=== Exercise requirements ===
The word "continuousM" occurs in some of the lines below; copy each of those lines.

=== The data ===
──────────────────────────────

Lemma qform_le_norm {n} (M : 'M[R]_n) :
  exists2 L, 0 <= L & forall x, qform M x <= L * `|x| ^+ 2.
Proof.
exists (\sum_j \sum_i `|M i j|); first by do 2 apply: sumr_ge0 => ? _.
move=> x; rewrite qformE big_distrl /=; apply: ler_sum => j _.
rewrite big_distrl /=; apply: ler_sum => i _.
apply: le_trans (ler_norm _) _; rewrite !normrM mulrAC mulrC ler_wpM2l //.
by rewrite expr2 ler_pM // normr_entry_le.
Qed.

Lemma continuous_qform_trmx {n} (M : 'M[R]_n) :
  continuous (fun v : 'rV[R]_n => qform M v^T).
Proof.
have term_cont (i j : 'I_n) :
    continuous (fun v : 'rV[R]_n => v 0 i * M i j * v 0 j).
  move=> v; apply: (@continuousM _ _ (fun v : 'rV[R]_n => v 0 i * M i j)
    (fun v => v 0 j)); last exact: coord_continuous.
  apply: (@continuousM _ _ (fun v : 'rV[R]_n => v 0 i) (fun=> M i j)).
    exact: coord_continuous.
  exact: cst_continuous.
have -> : (fun v : 'rV[R]_n => qform M v^T)
    = fun v => \sum_j \sum_i v 0 i * M i j * v 0 j.
  by apply: funext => v; rewrite qformE; do 2 apply: eq_bigr => ? _; rewrite !mxE.
apply: continuous_big => [|j _]; first exact: add_continuous.
by apply: continuous_big => [|i _]; [exact: add_continuous | exact: term_cont].
Qed.

Lemma compact_unit_sphere n : compact [set v : 'rV[R]_n | `|v| = 1].
Proof.
apply: bounded_closed_compact.
  by exists 1; split; [exact: num_real | move=> y y_gt1 v /= ->; exact: ltW].
apply: (@preimage_closed _ _ (@Num.norm _ 'rV[R]_n) [set x | x = 1]).
  by move=> v _; exact: norm_continuous.
exact: closed_eq.
Qed.

(* The form attains a positive minimum on the (compact) unit sphere of the
   max norm; homogeneity does the rest. *)
Lemma posdef_qform_ge {n} {M : 'M[R]_n} :
  posdef M -> exists2 c, 0 < c & forall x, c * `|x| ^+ 2 <= qform M x.
Proof.
case: n M => [|n] M [_ M_pos].
  exists 1 => // x.
  by rewrite [x]flatmx0 normr0 expr0n mulr0 /qform /bform !mxE big_ord0.
set S := [set v : 'rV[R]_n.+1 | `|v| = 1].
have S_nonempty : S !=set0.
  exists (`|const_mx 1 : 'rV[R]_n.+1|^-1 *: const_mx 1); apply: normrZV.
  rewrite unitfE normr_eq0; apply/eqP => /matrixP /(_ 0 0).
  by rewrite !mxE; apply/eqP; exact: oner_neq0.
have [v0 /set_mem S_v0 v0_min] := compact_EVT_min S_nonempty
  (compact_unit_sphere n.+1) (continuous_subspaceT (continuous_qform_trmx M)).
exists (qform M v0^T).
  apply: M_pos; apply/eqP => /(congr1 trmx); rewrite trmxK trmx0 => v0_0.
  by move: S_v0; rewrite /S /= v0_0 normr0 => /eqP; rewrite eq_sym oner_eq0.
move=> x; have [->|x_neq0] := eqVneq x 0.
  by rewrite normr0 expr0n mulr0 /qform /bform trmx0 !mul0mx mxE.
have x_gt0 : 0 < `|x| by rewrite normr_gt0.
have S_x : S (`|x|^-1 *: x^T).
  by rewrite /S /= normrZ norm_trmx normfV normr_id mulVf ?gt_eqF.
have := v0_min _ (mem_set S_x); rewrite linearZ /= trmxK qformZ.
move=> /(ler_wpM2r (sqr_ge0 `|x|)).
by rewrite mulrAC -exprMn mulVf ?gt_eqF // expr1n mul1r.
Qed.

End PositiveDefinite.

Section Inverse.
Context {R : realType} {n : nat}.
Implicit Types P : 'M[R]_n.

Lemma posdef_unitmx {P} : posdef P -> P \in unitmx.
Proof.
move=> [_ P_pos]; rewrite unitmxE unitfE; apply/negP => /det0P [v v_neq0 vP].
have : 0 < qform P v^T.
  apply: P_pos; apply: contra v_neq0 => /eqP /(congr1 trmx).
  by rewrite trmxK trmx0 => ->.
by rewrite /qform /bform trmxK vP mul0mx mxE ltxx.
Qed.

Lemma qform_invmx P x : sym P -> P \in unitmx ->
  qform P (invmx P *m x) = qform (invmx P) x.
Proof.
by move=> P_sym P_unit; rewrite qform_mulmx trmx_inv P_sym mulVmx // mul1mx.
Qed.

Lemma posdef_invmx {P} : posdef P -> posdef (invmx P).
Proof.
move=> P_pd; have P_unit := posdef_unitmx P_pd; have [P_sym P_pos] := P_pd.
split; first by rewrite /sym trmx_inv P_sym.
move=> x x_neq0; rewrite -[_ 0 0]/(qform _ x) -qform_invmx //; apply: P_pos.
apply: contra x_neq0 => /eqP /(congr1 (mulmx P)).
by rewrite mulmxA mulmxV // mul1mx mulmx0 => ->.
Qed.

End Inverse.

Lemma fullblock_lmi_dissipation {R : realType} {nx np N : nat} {PP : set 'cV[R]_np}
    {P : 'M[R]_nx} {X : 'M[R]_(nx, N)} {FQ : 'M[R]_(N + np * N, nx + np * nx)} {Xi} :
  fullblock_lmi PP (@DeltaP R nx np) (Wm P X FQ)
    (L11m nx np) (L12m nx np) (L21m nx np) (L22m nx np) Xi ->
  exists2 c, 0 < c & forall p, PP p -> forall v1 v2 : 'cV[R]_nx,
    c * `|v2| ^+ 2
    <= qform (block_mx P (clP_data X FQ p) (clP_data X FQ p)^T P) (col_mx v1 v2).
Proof.
move=> [lmi_neg lmi_psd]; have [c c_gt0 lmi_c] := posdef_qform_ge lmi_neg.
exists c => // p PPp v1 v2.
set v := col_mx v1 v2; set z := col_mx (DeltaP p *m (L12m nx np *m v)) v.
have Xi_ge0 : 0 <= qform Xi (col_mx 1%:M (DeltaP p) *m (L12m nx np *m v)).
  by rewrite qform_mulmx; exact: (lmi_psd p PPp).2.
have v2_le_z : `|v2| <= `|z| := le_trans (norm_col_mxd v1 v2) (norm_col_mxd _ v).
have : c * `|v2| ^+ 2 <= c * `|z| ^+ 2.
  by rewrite ler_wpM2l ?(ltW c_gt0) // lerXn2r ?nnegrE.
move: (lmi_c z); rewrite opprB qformB -!qform_mulmx mul_L1_col mul_L2_col.
rewrite qform_Wm_pmon1; lra.
Qed.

──────────────────────────────

=== Response to this task ===
  move=> v; apply: (@continuousM _ _ (fun v : 'rV[R]_n => v 0 i * M i j)
  apply: (@continuousM _ _ (fun v : 'rV[R]_n => v 0 i) (fun=> M i j)).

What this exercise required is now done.